Dengan perubahan paradigma tersebut, menurut
Bachtiar Effendi, yang ingin diwujudkan adalah prinsip-prinsip politik
sebagaimana yang tertera dalam Al-Qur’an, yakni nilai-nilai keadilan, kesamaan,
dan musyawarah. Dengan kata lain, yang ingin diwujudkan bukan lagi daulah
Islamiyah dalam bentuknya seperti yang dulu, melainkan masyarakat dan Negara
yang adil makmur di bawah ampunan Ilahi.[10]
Bagaimana Sikap Santri ?
Menghadapi
perubahan paradigma di atas, sebetulnya santri dapat mengambil posisi yang
realistis tanpa kehilangan idealisme. Sebagai sebuah realitas masa lalu, daulah
Islamiyah dalam bentuk khilafah tidak terbantahkan lagi, dan sangat ideal jika
umat Islam tetap berada dalam kesatuan, baik politik, territorial, ekonomi, dan
seterusnya.
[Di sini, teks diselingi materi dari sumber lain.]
(* Let $\mathbf{F}=(F_1,\ldots,F_d)$ be a vector of finite simple graphs, all with exactly $n$ vertices, and let $n'' \geq n' \geq n$ be integers. Then for every positive integer $k$, \[E_{P^L_{\mathbf{F};n''}}\left({ n' \choose n} k \right) \le E_{P^L_{\mathbf{F};n'}}\left({ n'' \choose n } k \right).\]
   Context: For graphs $F,G$, $t^L(F,G)$ is the number of subgraphs of $G$ (not necessarily induced) isomorphic to $F$; write $t^L(\mathbf{F},G)=(t^L(F_1,G),\ldots,t^L(F_d,G))$. The lattice polytope of subgraph statistics is $P^L_{\mathbf{F};N}=\mathrm{conv}\{t^L(\mathbf{F},G)\mid G\text{ a graph on } N \text{ vertices}\}\subseteq\mathbb{R}^d$. For a lattice polytope $P\subseteq\mathbb{R}^d$ and a positive integer $k$, $E_P(k)$ is the number of points of $\mathbb{Z}^d$ in $kP=\{kp\mid p\in P\}$ (the Ehrhart polynomial of $P$). *)

From HB Require Import structures.
From mathcomp Require Import all_boot all_order all_algebra.
From mathcomp Require Import finmap boolp classical_sets cardinality reals.
Set Implicit Arguments. Unset Strict Implicit. Unset Printing Implicit Defensive.
Import Order.TTheory GRing.Theory Num.Theory.
Local Open Scope ring_scope.
Local Open Scope fset_scope.

(* A finite simple graph on vertex set 'I_N is given by its edge set:
   a set of 2-element subsets of 'I_N. *)
Definition simple_graph (N : nat) (E : {set {set 'I_N}}) : bool :=
  [forall e in E, #|e| == 2%N].

Definition is_subgraph (N : nat) (G : {set {set 'I_N}})
    (p : {set 'I_N} * {set {set 'I_N}}) : bool :=
  (p.2 \subset G) && [forall e in p.2, e \subset p.1].

Definition iso_to (n N : nat) (F : {set {set 'I_n}})
    (p : {set 'I_N} * {set {set 'I_N}}) : bool :=
  [exists f : {ffun 'I_n -> 'I_N},
     [&& injectiveb f, f @: [set: 'I_n] == p.1 &
         p.2 == [set f @: e | e : {set 'I_n} in F]]].

(* t^L(F,G): number of (not necessarily induced) subgraphs of G isomorphic to F *)
Definition tL (n N : nat) (F : {set {set 'I_n}}) (G : {set {set 'I_N}}) : nat :=
  #|[set p : {set 'I_N} * {set {set 'I_N}} | is_subgraph G p && iso_to F p]|.

Definition tLvec (R : pzRingType) (d n N : nat) (F : 'I_d -> {set {set 'I_n}})
    (G : {set {set 'I_N}}) : 'rV[R]_d :=
  \row_i ((tL (F i) G)%:R : R).

(* x lies in k * P^L_{F;N}, where P^L_{F;N} is the convex hull of the t^L(F,G)
   over all (simple) graphs G on N vertices *)
Definition in_dilated_polytope (R : realType) (d n N k : nat)
    (F : 'I_d -> {set {set 'I_n}}) (x : 'rV[R]_d) : Prop :=
  exists lam : {set {set 'I_N}} -> R,
    [/\ (forall G, 0 <= lam G),
        (forall G, ~~ simple_graph G -> lam G = 0),
        \sum_G lam G = 1 &
        x = k%:R *: \sum_G (lam G *: tLvec R F G)].

Definition ehrhart (R : realType) (d n N : nat) (F : 'I_d -> {set {set 'I_n}})
    (k : nat) : nat :=
  #|` fset_set [set z : 'rV[int]_d |
                  in_dilated_polytope N k F (map_mx (fun a : int => a%:~R : R) z)] |.

From HB Require Import structures.
From mathcomp Require Import all_boot all_order all_algebra.
From mathcomp Require Import zify ring.
Set Implicit Arguments. Unset Strict Implicit. Unset Printing Implicit Defensive.

(* Every copy of F in a graph G on N vertices lies in exactly C(N - n, m - n)
   of the induced subgraphs G[S] on m-subsets S, so the average of t(F, G[S])
   over the C(N, m) such S is C(N - n, m - n) / C(N, m) * t(F, G), which equals
   C(m, n) / C(N, n) * t(F, G).  Pushing a convex combination of the points
   t(F, G) forward along G |-> G[S] therefore gives
   C(m, n) P_{F;N} <= C(N, n) P_{F;m}; dilating by k and counting lattice
   points yields the Ehrhart inequality. *)

Definition copy_of n N (F : {set {set 'I_n}}) (f : 'I_n -> 'I_N) :
    {set 'I_N} * {set {set 'I_N}} :=
  (f @: [set: _], [set f @: e | e : {set _} in F]).

Lemma iso_toP n N (F : {set {set 'I_n}}) (p : {set 'I_N} * {set {set 'I_N}}) :
  reflect (exists2 f : 'I_n -> 'I_N, injective f & p = copy_of F f) (iso_to F p).
Proof.
apply: (iffP existsP) => [[f /and3P[/injectiveP f_inj /eqP f1 /eqP f2]]|[f f_inj ->]].
  by exists f => //; case: p f1 f2 => p1 p2 /= <- ->.
exists [ffun i => f i]; rewrite /copy_of /=; apply/and3P; split.
- by apply/injectiveP => i j; rewrite !ffunE => /f_inj.
- by apply/eqP/eq_imset => i; rewrite ffunE.
- by apply/eqP/eq_imset => e; apply/eq_imset => i; rewrite ffunE.
Qed.

Lemma card_copy_vertices n N (F : {set {set 'I_n}}) (f : 'I_n -> 'I_N) :
  injective f -> #|(copy_of F f).1| = n.
Proof. by move=> f_inj; rewrite card_imset // cardsT card_ord. Qed.

Lemma copy_of_subgraph n N (F : {set {set 'I_n}}) (f : 'I_n -> 'I_N) G :
  is_subgraph G (copy_of F f) = ([set f @: e | e : {set _} in F] \subset G).
Proof.
rewrite /is_subgraph andb_idr // => _.
by apply/forall_inP => _ /imsetP[e _ ->]; rewrite imsetS ?subsetT.
Qed.

Lemma copy_of_comp n m N (F : {set {set 'I_n}}) (g : 'I_m -> 'I_N)
    (f : 'I_n -> 'I_m) :
  copy_of F (g \o f) =
  (g @: (copy_of F f).1, [set g @: e | e : {set _} in (copy_of F f).2]).
Proof.
rewrite /copy_of /= imset_comp -imset_comp; congr (_, _).
rewrite -imset_comp; apply: eq_imset => e /=; exact: imset_comp.
Qed.

Lemma eq_copy_of n N (F : {set {set 'I_n}}) (f1 f2 : 'I_n -> 'I_N) :
  f1 =1 f2 -> copy_of F f1 = copy_of F f2.
Proof.
move=> ef; rewrite /copy_of (eq_imset _ ef); congr (_, _).
by apply: eq_imset => e; apply: eq_imset.
Qed.

Definition copies n N (F : {set {set 'I_n}}) (G : {set {set 'I_N}}) :=
  [set p : {set 'I_N} * {set {set 'I_N}} | is_subgraph G p && iso_to F p].

Definition induced m N (G : {set {set 'I_N}}) (g : 'I_m -> 'I_N) : {set {set 'I_m}} :=
  [set e : {set 'I_m} | (#|e| == 2) && (g @: e \in G)].

Lemma induced_simple m N (G : {set {set 'I_N}}) (g : 'I_m -> 'I_N) :
  simple_graph (induced G g).
Proof. by apply/forall_inP => e; rewrite inE => /andP[]. Qed.

Section InducedCopies.

Variables (n m N : nat) (F : {set {set 'I_n}}) (G : {set {set 'I_N}}).
Variable g : 'I_m -> 'I_N.
Hypotheses (F_simple : simple_graph F) (g_inj : injective g).

Lemma induced_copy_subgraph (h : 'I_n -> 'I_m) : injective h ->
  is_subgraph (induced G g) (copy_of F h) = is_subgraph G (copy_of F (g \o h)).
Proof.
move=> h_inj; rewrite !copy_of_subgraph.
apply/subsetP/subsetP => sub _ /imsetP[e eF ->].
  by rewrite imset_comp; have := sub _ (imset_f _ eF); rewrite inE => /andP[].
rewrite inE card_imset // (forall_inP F_simple) //= -imset_comp.
exact/sub/imset_f.
Qed.

Lemma tL_induced :
  tL F (induced G g) = #|[set p in copies F G | p.1 \subset g @: [set: _]]|.
Proof.
pose img (q : {set 'I_m} * {set {set 'I_m}}) :=
  (g @: q.1, [set g @: e | e : {set 'I_m} in q.2]).
have img_inj : injective img.
  by move=> [a1 b1] [a2 b2] [/(imset_inj g_inj) -> /(imset_inj (imset_inj g_inj)) ->].
rewrite /tL -(card_imset _ img_inj); apply: eq_card => p; rewrite !inE.
apply/imsetP/idP => [[q]|/andP[/andP[p_sub /iso_toP[f f_inj p_def]] p_im]].
  rewrite inE => /andP[q_sub /iso_toP[h h_inj q_def]] ->; subst q.
  move: q_sub; rewrite /img -copy_of_comp induced_copy_subgraph // => ->.
  apply/andP; split; first by apply/iso_toP; exists (g \o h) => //; exact: inj_comp.
  by rewrite /= imset_comp imsetS ?subsetT.
have f_codom i : f i \in codom g.
  have /subsetP/(_ (f i)) := p_im; rewrite p_def imset_f // => /(_ isT).
  by case/imsetP=> j _ ->; exact: codom_f.
pose h i := iinv (f_codom i).
have gh : g \o h =1 f by move=> i; exact: f_iinv.
have h_inj : injective h by move=> i j /(congr1 g); rewrite -!/((g \o h) _) !gh => /f_inj.
exists (copy_of F h); last by rewrite /img -copy_of_comp (eq_copy_of _ gh).
rewrite inE induced_copy_subgraph // (eq_copy_of _ gh) -p_def p_sub /=.
by apply/iso_toP; exists h.
Qed.

End InducedCopies.

Lemma card_supersets (T : finType) (V : {set T}) b : #|V| <= b ->
  #|[set S : {set T} | V \subset S & #|S| == b]| = 'C(#|T| - #|V|, b - #|V|).
Proof.
move=> le_Vb; rewrite -[#|T|](cardsC V) addKn -cards_draws.
rewrite -(card_in_imset (f := fun S => S :\: V)); last first.
  move=> S1 S2; rewrite !inE => /andP[VS1 _] /andP[VS2 _] eqD.
  by rewrite -(setID S1 V) -(setID S2 V) (setIidPr VS1) (setIidPr VS2) eqD.
apply: eq_card => X; rewrite inE; apply/imsetP/andP => [[S]|[XV /eqP cX]].
  rewrite inE => /andP[VS /eqP cS] ->; split; first by rewrite subsetDr.
  by rewrite cardsD (setIidPr VS) cS.
have XV0 : [disjoint X & V] by rewrite -[V]setCK -subsets_disjoint.
exists (V :|: X); last by rewrite setDUl setDv set0U; apply/esym/setDidPl.
rewrite inE subsetUl cardsU disjoint_setI0 1?disjoint_sym //.
by rewrite cards0 subn0 cX subnKC ?eqxx.
Qed.

Lemma mul_bin_bin N m a : a <= m -> m <= N ->
  'C(N, m) * 'C(m, a) = 'C(N, a) * 'C(N - a, m - a).
Proof.
move=> le_am le_mN; have le_aN := leq_trans le_am le_mN.
have fact_pos : 0 < a`! * (m - a)`! * (N - m)`! by rewrite !muln_gt0 !fact_gt0.
apply/eqP; rewrite -(eqn_pmul2r fact_pos); apply/eqP.
have -> : 'C(N, m) * 'C(m, a) * (a`! * (m - a)`! * (N - m)`!) = N`!.
  by rewrite -(bin_fact le_mN) -(bin_fact le_am); ring.
have le_sub : m - a <= N - a by rewrite leq_sub2r.
have sub_sub : N - a - (m - a) = N - m by lia.
rewrite -(bin_fact le_aN) -(bin_fact le_sub) sub_sub; ring.
Qed.

Section Relabel.

Variables (m N : nat) (le_mN : m <= N).

(* The default value is never read when #|S| = m, the only case used. *)
Definition relabel (S : {set 'I_N}) (i : 'I_m) : 'I_N :=
  nth (widen_ord le_mN i) (enum S) i.

Variable S : {set 'I_N}.
Hypothesis card_S : #|S| = m.

Lemma relabel_inj : injective (relabel S).
Proof.
move=> i j; rewrite /relabel (set_nth_default (widen_ord le_mN i)) -?cardE ?card_S //.
by move/eqP; rewrite nth_uniq ?enum_uniq -?cardE ?card_S // => /eqP/val_inj.
Qed.

Lemma relabel_image : relabel S @: [set: _] = S.
Proof.
apply/setP => x; apply/imsetP/idP => [[i _ ->]|xS].
  by rewrite -mem_enum mem_nth // -cardE card_S.
have lt_xm : index x (enum S) < m by rewrite -card_S cardE index_mem mem_enum.
by exists (Ordinal lt_xm); rewrite // /relabel /= nth_index ?mem_enum.
Qed.

End Relabel.

Lemma sum_tL_induced n m N (le_nm : n <= m) (le_mN : m <= N)
    (F : {set {set 'I_n}}) (G : {set {set 'I_N}}) :
  simple_graph F ->
  \sum_(S : {set 'I_N} | #|S| == m) tL F (induced G (relabel le_mN S)) =
  'C(N - n, m - n) * tL F G.
Proof.
move=> F_simple.
transitivity (\sum_(S : {set 'I_N} | #|S| == m)
                \sum_(p in copies F G) (p.1 \subset S : nat)).
  apply: eq_bigr => S /eqP card_S.
  rewrite (tL_induced G F_simple (relabel_inj card_S)) relabel_image //.
  rewrite -sum1_card big_mkcond [RHS]big_mkcond.
  by apply: eq_bigr => p _; rewrite inE; case: (_ \in _).
rewrite exchange_big /tL -/(copies F G) mulnC -sum_nat_const; apply: eq_bigr => p.
rewrite inE => /andP[_ /iso_toP[f f_inj ->]].
move: (card_copy_vertices F f_inj); set V := (copy_of F f).1 => card_V.
have := @card_supersets _ V m; rewrite card_ord card_V => <- //.
rewrite -sum1_card big_mkcond [RHS]big_mkcond; apply: eq_bigr => S _.
by rewrite inE; case: (V \subset S); case: (#|S| == m).
Qed.

From mathcomp Require Import finmap boolp classical_sets cardinality reals.
Import Order.TTheory GRing.Theory Num.Theory.
Local Open Scope classical_set_scope.
Local Open Scope ring_scope.

Lemma sum_pushforward (R : pzRingType) (V : lmodType R) (I J : finType)
    (P : pred I) (f : I -> J) (w : I -> R) (v : J -> V) :
  \sum_j (\sum_(i | P i && (f i == j)) w i) *: v j = \sum_(i | P i) w i *: v (f i).
Proof.
rewrite (partition_big f xpredT) //=; apply: eq_bigr => j _.
by rewrite scaler_suml; apply: eq_bigr => i /andP[_ /eqP ->].
Qed.

Lemma sum_tLvec_induced (R : pzRingType) d n m N
    (le_nm : (n <= m)%N) (le_mN : (m <= N)%N)
    (F : 'I_d -> {set {set 'I_n}}) (G : {set {set 'I_N}}) :
  (forall i, simple_graph (F i)) ->
  \sum_(S : {set 'I_N} | #|S| == m) tLvec R F (induced G (relabel le_mN S)) =
  'C(N - n, m - n)%:R *: tLvec R F G.
Proof.
move=> F_simple; apply/rowP => i; rewrite summxE !mxE.
under eq_bigr do rewrite mxE.
by rewrite -natr_sum sum_tL_induced // natrM.
Qed.

Lemma dilated_polytope_sub (R : realType) d n m N (F : 'I_d -> {set {set 'I_n}})
    (le_nm : (n <= m)%N) (le_mN : (m <= N)%N) k (x : 'rV[R]_d) :
  (forall i, simple_graph (F i)) ->
  in_dilated_polytope N ('C(m, n) * k) F x ->
  in_dilated_polytope m ('C(N, n) * k) F x.
Proof.
move=> F_simple [lam [lam_ge0 _ lam_sum1 ->]].
pose c : R := 'C(N, m)%:R.
have c_neq0 : c != 0 by rewrite pnatr_eq0 -lt0n bin_gt0.
pose sub (GS : {set {set 'I_N}} * {set 'I_N}) := induced GS.1 (relabel le_mN GS.2).
pose mu (H : {set {set 'I_m}}) :=
  \sum_(GS : {set {set 'I_N}} * {set 'I_N} | (#|GS.2| == m) && (sub GS == H))
    c^-1 * lam GS.1.
have push (V : lmodType R) (v : {set {set 'I_m}} -> V) :
    \sum_H mu H *: v H =
    c^-1 *: \sum_G lam G *: \sum_(S : {set 'I_N} | #|S| == m) v (sub (G, S)).
  rewrite sum_pushforward scaler_sumr.
  under [RHS]eq_bigr do rewrite scaler_sumr scaler_sumr.
  by rewrite pair_big; apply: eq_bigr => GS _; rewrite scalerA.
exists mu; split.
- by move=> H; apply: sumr_ge0 => GS _; rewrite mulr_ge0 ?invr_ge0 ?ler0n.
- move=> H H_not_simple; apply: big1 => GS /andP[_ /eqP sub_GS].
  by move: H_not_simple; rewrite -sub_GS induced_simple.
- have card_msets : #|[pred S : {set 'I_N} | #|S| == m]| = 'C(N, m).
    have := card_draws 'I_N m; rewrite card_ord => <-.
    by apply: eq_card => S; rewrite inE.
  rewrite -(partition_big sub xpredT) //= -mulr_sumr.
  rewrite -(pair_big xpredT (fun S : {set 'I_N} => #|S| == m) (fun G _ => lam G)).
  under eq_bigr do rewrite sumr_const card_msets -mulr_natr.
  by rewrite -mulr_suml lam_sum1 mul1r mulVf.
rewrite push; under [X in _ *: (_ *: X)]eq_bigr
  do rewrite sum_tLvec_induced // scalerA mulrC -scalerA.
rewrite -scaler_sumr !scalerA; congr (_ *: _).
have bin_eq : c * 'C(m, n)%:R = 'C(N, n)%:R * 'C(N - n, m - n)%:R :> R.
  by rewrite -!natrM mul_bin_bin.
apply: (mulfI c_neq0); rewrite !natrM.
transitivity ('C(N, n)%:R * 'C(N - n, m - n)%:R * k%:R : R).
  by rewrite -bin_eq; ring.
by field.
Qed.

Lemma card_fset_set_le (T : choiceType) (A B : set T) :
  finite_set B -> A `<=` B -> (#|` fset_set A| <= #|` fset_set B|)%N.
Proof.
move=> finB AB; apply: fsubset_leq_card.
by rewrite -fset_set_sub //; exact: sub_finite_set finB.
Qed.

Lemma dilated_polytope_coord_bound (R : realType) d n N K (F : 'I_d -> {set {set 'I_n}})
    (x : 'rV[R]_d) :
  in_dilated_polytope N K F x -> forall j,
  0 <= x 0 j <= (K * #|{: {set 'I_N} * {set {set 'I_N}}}|)%:R.
Proof.
move=> [lam [lam_ge0 _ lam_sum1 ->]] j; rewrite mxE summxE.
under eq_bigr do rewrite !mxE.
rewrite mulr_ge0 ?ler0n ?sumr_ge0 //=; last by move=> G _; rewrite mulr_ge0 ?ler0n.
rewrite natrM ler_wpM2l ?ler0n // -[X in _ <= X]mul1r.
rewrite -[X in _ <= X * _]lam_sum1 mulr_suml.
by apply: ler_sum => G _; rewrite ler_wpM2l // ler_nat max_card.
Qed.

(* Needed because [fset_set] is empty on infinite sets. *)
Lemma finite_dilated_polytope_points (R : realType) d n N K
    (F : 'I_d -> {set {set 'I_n}}) :
  finite_set [set z : 'rV[int]_d |
    in_dilated_polytope N K F (map_mx (fun a : int => a%:~R : R) z)].
Proof.
pose B := (K * #|{: {set 'I_N} * {set {set 'I_N}}}|)%N.
pose embed (w : 'rV['I_B.+1]_d) := map_mx (fun i : 'I_B.+1 => (i : nat)%:Z) w.
apply: (sub_finite_set _ (finite_image embed (@finite_finset _ setT))).
move=> z /= /dilated_polytope_coord_bound z_bound.
exists (map_mx (fun a : int => inord `|a|%N) z) => //.
apply/rowP => j; have /andP[z_ge0 z_le] := z_bound j; rewrite !mxE in z_ge0 z_le.
rewrite !mxE inordK; first by rewrite gez0_abs // -(ler0z R).
by rewrite ltnS -lez_nat gez0_abs -?(ler0z R) // -(ler_int R).
Qed.

Local Close Scope ring_scope.

(* The inequality also holds for k = 0. *)

Theorem proposition2p8 (R : realType) (d n n' n'' : nat)
    (F : 'I_d -> {set {set 'I_n}})
    (HF : forall i, simple_graph (F i))
    (Hn' : (n <= n')%N) (Hn'' : (n' <= n'')%N)
    (k : nat) (Hk : (0 < k)%N) :
  (ehrhart R n'' F ('C(n', n) * k) <= ehrhart R n' F ('C(n'', n) * k))%N.
Proof.
apply: card_fset_set_le; first exact: finite_dilated_polytope_points.
by move=> z; apply: dilated_polytope_sub.
Qed.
Maka tidak bisa disalahkan jika saat ini sebagian umat Islam ada
yang tetap berpegang pada romantisme masa lalu untuk kembali ke sistem
khilafah.
Namun
ketika kita hidup dalam realitas saat ini, maka Islam harus dipahami bukan
hanya memiliki dimensi legal-formal, tetapi juga memiliki dimensi fungsional
yang bersifat esoteris. Di antara essensi ajaran Islam adalah li-utammima
makarimal akhlaq (untuk menyempurnakan ahlak yang mulia). Dalam kerangka negara bangsa (nation
state) yang sering dikaitkan dengan demokrasi, Said Aqiel Siradj
menegaskan, moralitas merupakan standard
yang harus dijunjung tinggi –terutama bagi pemimpin atau calon pemimpin.
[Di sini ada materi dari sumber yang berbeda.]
(* Let $L>0$ and let $\sigma_1<\sigma_2<\dots$ be the eigenvalues of the one-dimensional buckling problem $u''''=-\sigma u''$ on $(0,L)$, $u(0)=u'(0)=u(L)=u'(L)=0$. Then, as $z\to+\infty$, $$R_1(z)=\sum_j(z-\sigma_j)_+=\frac{2L}{3\pi}z^{\frac32}-\frac32 z+o(z).$$
   Context: $a_+=\max\{a,0\}$. The eigenvalue problem is understood in the weak sense in $H^2_0(0,L)$: $\int_0^L u''\phi''=\sigma\int_0^L u'\phi'$ for all $\phi\in H^2_0(0,L)$. *)

From Stdlib Require Import Reals Lra.
From Coquelicot Require Import Coquelicot.
Open Scope R_scope.

(* Eigenfunctions are taken smooth (every weak H^2_0 eigenfunction
   is of the form A + B x + C cos(kx) + D sin(kx), hence extends smoothly). *)
Definition buckling_eigenvalue (L sigma : R) : Prop :=
  exists u : R -> R,
    (forall (k : nat) (x : R), ex_derive_n u k x) /\
    (forall x, 0 < x < L -> Derive_n u 4 x = - sigma * Derive_n u 2 x) /\
    u 0 = 0 /\ Derive_n u 1 0 = 0 /\ u L = 0 /\ Derive_n u 1 L = 0 /\
    (exists x, 0 < x < L /\ u x <> 0).

Definition pos_part (a : R) : R := Rmax a 0.

Definition riesz1 (sig : nat -> R) (z : R) : R :=
  Series (fun j => pos_part (z - sig j)).

From Stdlib Require Import Reals Lra Lia.
From Coquelicot Require Import Coquelicot.
Open Scope R_scope.

(* Every eigenfunction is u = A (1 - cos kx) + B (kx - sin kx) with k = sqrt sigma (sigma <= 0 is
   excluded by an energy identity), and the clamped conditions at L have a nontrivial solution (A, B)
   iff X = kL/2 is a root of sin X (sin X - X cos X).  The positive roots are PI, 2PI, ...
   interlaced with the roots of tan X = X, which lie in (n PI, n PI + PI/2) and tend to
   n PI + PI/2.  Hence sigma_j = (PI/L)^2 rho_j^2 with j + 1 <= rho_j <= j + 2 and
   rho_j >= j + 2 - o(1).  Comparing with the lattice sums
   sum_j (Y^2 - (j + c)^2)_+ = 2/3 Y^3 - (c - 1/2) Y^2 + O(Y) for c = 2 and c = 2 - delta,
   with z = (PI/L)^2 Y^2, gives the asymptotics; the constant 3/2 is 2 - 1/2. *)

(* [auto_derive], using hypotheses [forall t, is_derive f t (g t)] for the unknown functions [f] *)
Ltac auto_derive_chain :=
  auto_derive;
  [ repeat split; eexists; eauto
  | repeat match goal with
    | H : forall t, is_derive ?f t (?g t) |- context [Derive (fun x => ?f x) ?t] =>
        rewrite (is_derive_unique (fun x : R => f x) t (g t) (H t))
    end ].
Islam juga memegang teguh ajaran tauhid (monotheisme) yang
menegaskan, bahwa seluruh kekuatan selain Allah – termasuk penguasa- jika
muncul sebagai kekuatan otoritarian dan atau diktator, maka haruslah
diluruskan, atau jika perlu harus dihentikan guna memurnikan sikap tauhid. [11] Dalam konteks Indonesia, sebagian
ahli mengatakan, pemikiran dan praktek politik Islam masa lalu mengalami
kesenjangan yang tak terjembatani dengan ide-ide politik kalangan ‘nasionalis’,
sehingga diperlukan cammon platform (panggung bersama) untuk menegakkan
kehidupan berbangsa dan bernegara. Meminjam istilah Bachtiar Effendi, pilihan
Pancasila sebagai cammon platform bangsa Indonesia merupakan pilihan
cerdas (the smart choice).
Santri
dapat mengambil peran di berbagai sektor, terutama menjadi pengawal moralitas
bangsa dan kemurnain tauhid. Negara kita memberikan ruang yang sangat luas
untuk bejuang pada level tersebut, baik ketika menjadi kaum yang dipimpin
maupun setelah menjadi kaum yang memimpin. Wallahu A’lam.
Yogyakarta,
10 Agustus 2011
Oleh : A. Zuhdi Muhdlor
Penulis adalah pengajar Pondok
Pesantren Aji Mahasiswa Al-Muhsin, Krapyak, Yogyakarta, saat ini sedang
menyelesaikan studi di program doktoral (S-3) PPs Fakultas Hukum UGM,
Yogyakarta.
[1]
Roger Scruton, Adictionary of Political Thought, (London : Macmillan
Press, 1982), hlm. 446.
[2]
Ibid, hlm. 312.
[3]
Walter C. Opello Jr and Stephen J. Rosow,
The
Nation-State and Global Order: A Historical Introduction to Contemporary
Politics,
(USA : Lynne Rienner Publishers, 2004).
[4]
Dhiya’ ad-Din ar-Rais, Islam dan Khilafah (judul asli Al-Islam wa
al-Khilafah fi al-‘Ashr al-Hadits, diterjemahkanb oleh Afif Muhammad), (Bandung
: Penerbit Pustaka, 1985), hlm. 215.
[5]
Abu Yasid (muhaqqiq), Fikh Today 2 : Fatwa Tradisional Untuk Orang Modern,
(Jakarta : Penerbit Erlangga), hlm. ix.
[6]
Ibid.
[7] Abul A’la Al Maududi, Gerakan Solidaritas
Islam, (Jakarta : Sinar Hudaya Documenta, 1972), hlm. 7-8.
[8]
Bahtiar Effendi, Teologi Baru Politik Islam, Pertautan Agama, Negara dan
Demokrasi, (Yogyakarta : Galang
Press, 2001), hlm. 46.
[9]
Cipto Sembodo, Deprivatisasi
Syari’ah, Problem Relasi dan Pergumulan Islam dan Negara Bangsa, makalah 2008. Lihat pula Akh.
Minhaji, Islamic Law And Local Tradition, A Socio-Historical Approach
(Yogyakarta : Kurnia Kalam Semesta Press, 2008), hal. 94.
[10]
Ibid, hal. 47-48.
[11]
Said Aqiel Siradj, Islam Kebangsaa, Fiqh Demokratik Kaum Santri,
(Jakarta : Pustaka Ciganjur, 1999), hal. 66-67.